In many cases, a compiler will then generate code using instructions of the nominal type, instead of instructions using a type with excess precision. In particular, this should avoid a fused multiply-add (FMA) being substituted for a multiplication followed by an addition. (An FMA has effectively infinite precision in the product before it is added to the addend, thus falling under the “excess precision is permitted” rule.) There are caveats, however. An implementation might first evaluate an operation with excess precision and then round it to the nominal precision. In general, this can cause a different result than doing a single operation in the nominal precision. For the elementary operations of addition, subtract, multiplication, division, and even square root, this does not happen if the excess precision is sufficient greater than the nominal precision. (There are proofs that a result with sufficient excess precision is always close enough to the infinitely precise result that the rounding to nominal precision gets the same result.) This is true for the case where the nominal precision is the IEEE-754 basic 32-bit binary floating-point format, and the excess precision is the 64-bit format. However, it is not true where the nominal precision is the 64-bit format and the excess precision is Intel’s 80-bit format.

So, whether this workaround works depends on the platform.

Other Issues

Aside from the use of excess precision and features like FMA or the optimizer rewriting expressions, there are other things that affect reproducibility, such as non-standard treatment of subnormals (notably replacing them with zeroes), variations between math library routines. (sin, log, and similar functions return different results on different platforms. Nobody has fully implemented correctly rounded math library routines with known bounded performance.)

These are discussed in other Stack Overflow questions about floating-point reproducibility, as well as papers, specifications, and standards documents.

Irrelevant Issues

The order in which a processor executes floating-point operations is irrelevant. Processor reordering of calculations obeys rigid semantics; the results are identical regardless of the chronological order of execution. (Processor timing can affect results if, for example, a task is partitioned into subtasks, such as assigning multiple threads or processes to process different parts of the arrays. Among other issues, their results could arrive in different orders, and the process receiving their results might then add or otherwise combine their results in different orders.)

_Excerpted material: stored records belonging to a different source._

Lemma phi_surjective n t : triple_ok n t -> exists pi, once321_perm n pi /\ phi pi = t.
Proof.
case: t => [[b s1] s2] [/andP[b2 bn] [P1 A1 L1] [P2 A2 H2]].
have bs1 : b \in s1 by rewrite (perm_mem P1) mem_iota; lia.
have bs2 : b \in s2 by rewrite (perm_mem P2) mem_iota; lia.
case/splitPr: bs1 P1 A1 L1 => p1 q; case/lastP: q => [|p2 a].
  by move=> _ _; rewrite last_cat eqxx.
rewrite -cats1 => P1 A1 _.
case: s2 bs2 P2 A2 H2 => [//|c r]; rewrite inE eq_sym => /predU1P[].
  by move=> -> _ _; rewrite eqxx.
case/splitPr => p3 p4 P2 A2 cb.
have [small ab] := left_word_range P1.
have [large bc] := right_word_range P2 cb.
have Wn : perm_eq (glue p1 p2 p3 p4 c b a) (iota 1 n) by apply: glue_perm P1 P2; lia.
have uW : uniq (glue p1 p2 p3 p4 c b a) by rewrite (perm_uniq Wn) iota_uniq.
have onlyW := unique_of_avoid uW ab bc small large A1 A2.
have [occ_ijk nth_ijk s1E s2E] := glue_positions p1 p2 p3 p4 c b a.
have ho : occ321 (glue p1 p2 p3 p4 c b a) =
    [:: (size p1, (size p1 + size p2).+1, (size p1 + size p2 + size p3).+2)].
  by apply/once321P => //; rewrite occ_ijk ab bc nth_ijk; split.
exists (glue p1 p2 p3 p4 c b a); split; first by split; rewrite // /once321 ho.
by case: nth_ijk => _ b_j _; rewrite /phi ho /= b_j s1E s2E.
Qed.

Theorem mainTheorem2 (n : nat) (hn : 3 <= n) :
  (forall (pi : seq nat) (i j k : nat),
      perm_eq pi (iota 1 n) -> occ321 pi = [:: (i, j, k)] ->
      let b := nth 0 pi j in
      let s1 := sigma1 pi i j k in
      let s2 := sigma2 pi i j k in
      (forall p, p < j -> p != i -> nth 0 pi p < b) /\
      (forall p, j < p < n -> p != k -> b < nth 0 pi p) /\
      (perm_eq s1 (iota 1 b) /\ avoids321 s1 /\ last 0 s1 != b) /\
      (perm_eq s2 (iota b (n - b + 1)) /\ avoids321 s2 /\ head 0 s2 != b)) /\
  (forall pi, once321_perm n pi -> triple_ok n (phi pi)) /\
  (forall pi pi', once321_perm n pi -> once321_perm n pi' ->
      phi pi = phi pi' -> pi = pi') /\
  (forall t, triple_ok n t -> exists pi, once321_perm n pi /\ phi pi = t).
Proof.
split; first exact: unique_occurrence_split.
split; first exact: phi_triple_ok.
split; first exact: phi_injective.
exact: phi_surjective.
Qed.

Using pointers will not fix anything. As far as C or C++ is concerned, *p where p is a pointer to double is the same as a where a is a double. One the objects has a name (a) and one of them does not, but they are like roses: They smell the same. (There are issues where, if you have some other pointer q, the compiler might not know whether *q and *p refer to the same thing. But that also holds true for *q and a.)

Using volatile qualifiers will not aid in reproducibility regarding the excess precision or expression rewriting issue. That is because only an object (not a value) is volatile, which means it has no effect until you write it or read it. But, if you write it, you are using an assignment expression¹, so the rule about discarding excess precision already applies. When reading the object, you would force the compiler to retrieve the actual value from memory, but this value will not be any different than the non-volatile object has after assignment, so nothing is accomplished.

Footnote

¹ I would have to check on other things that modify an object, such as ++, but those are likely not significant for this discussion.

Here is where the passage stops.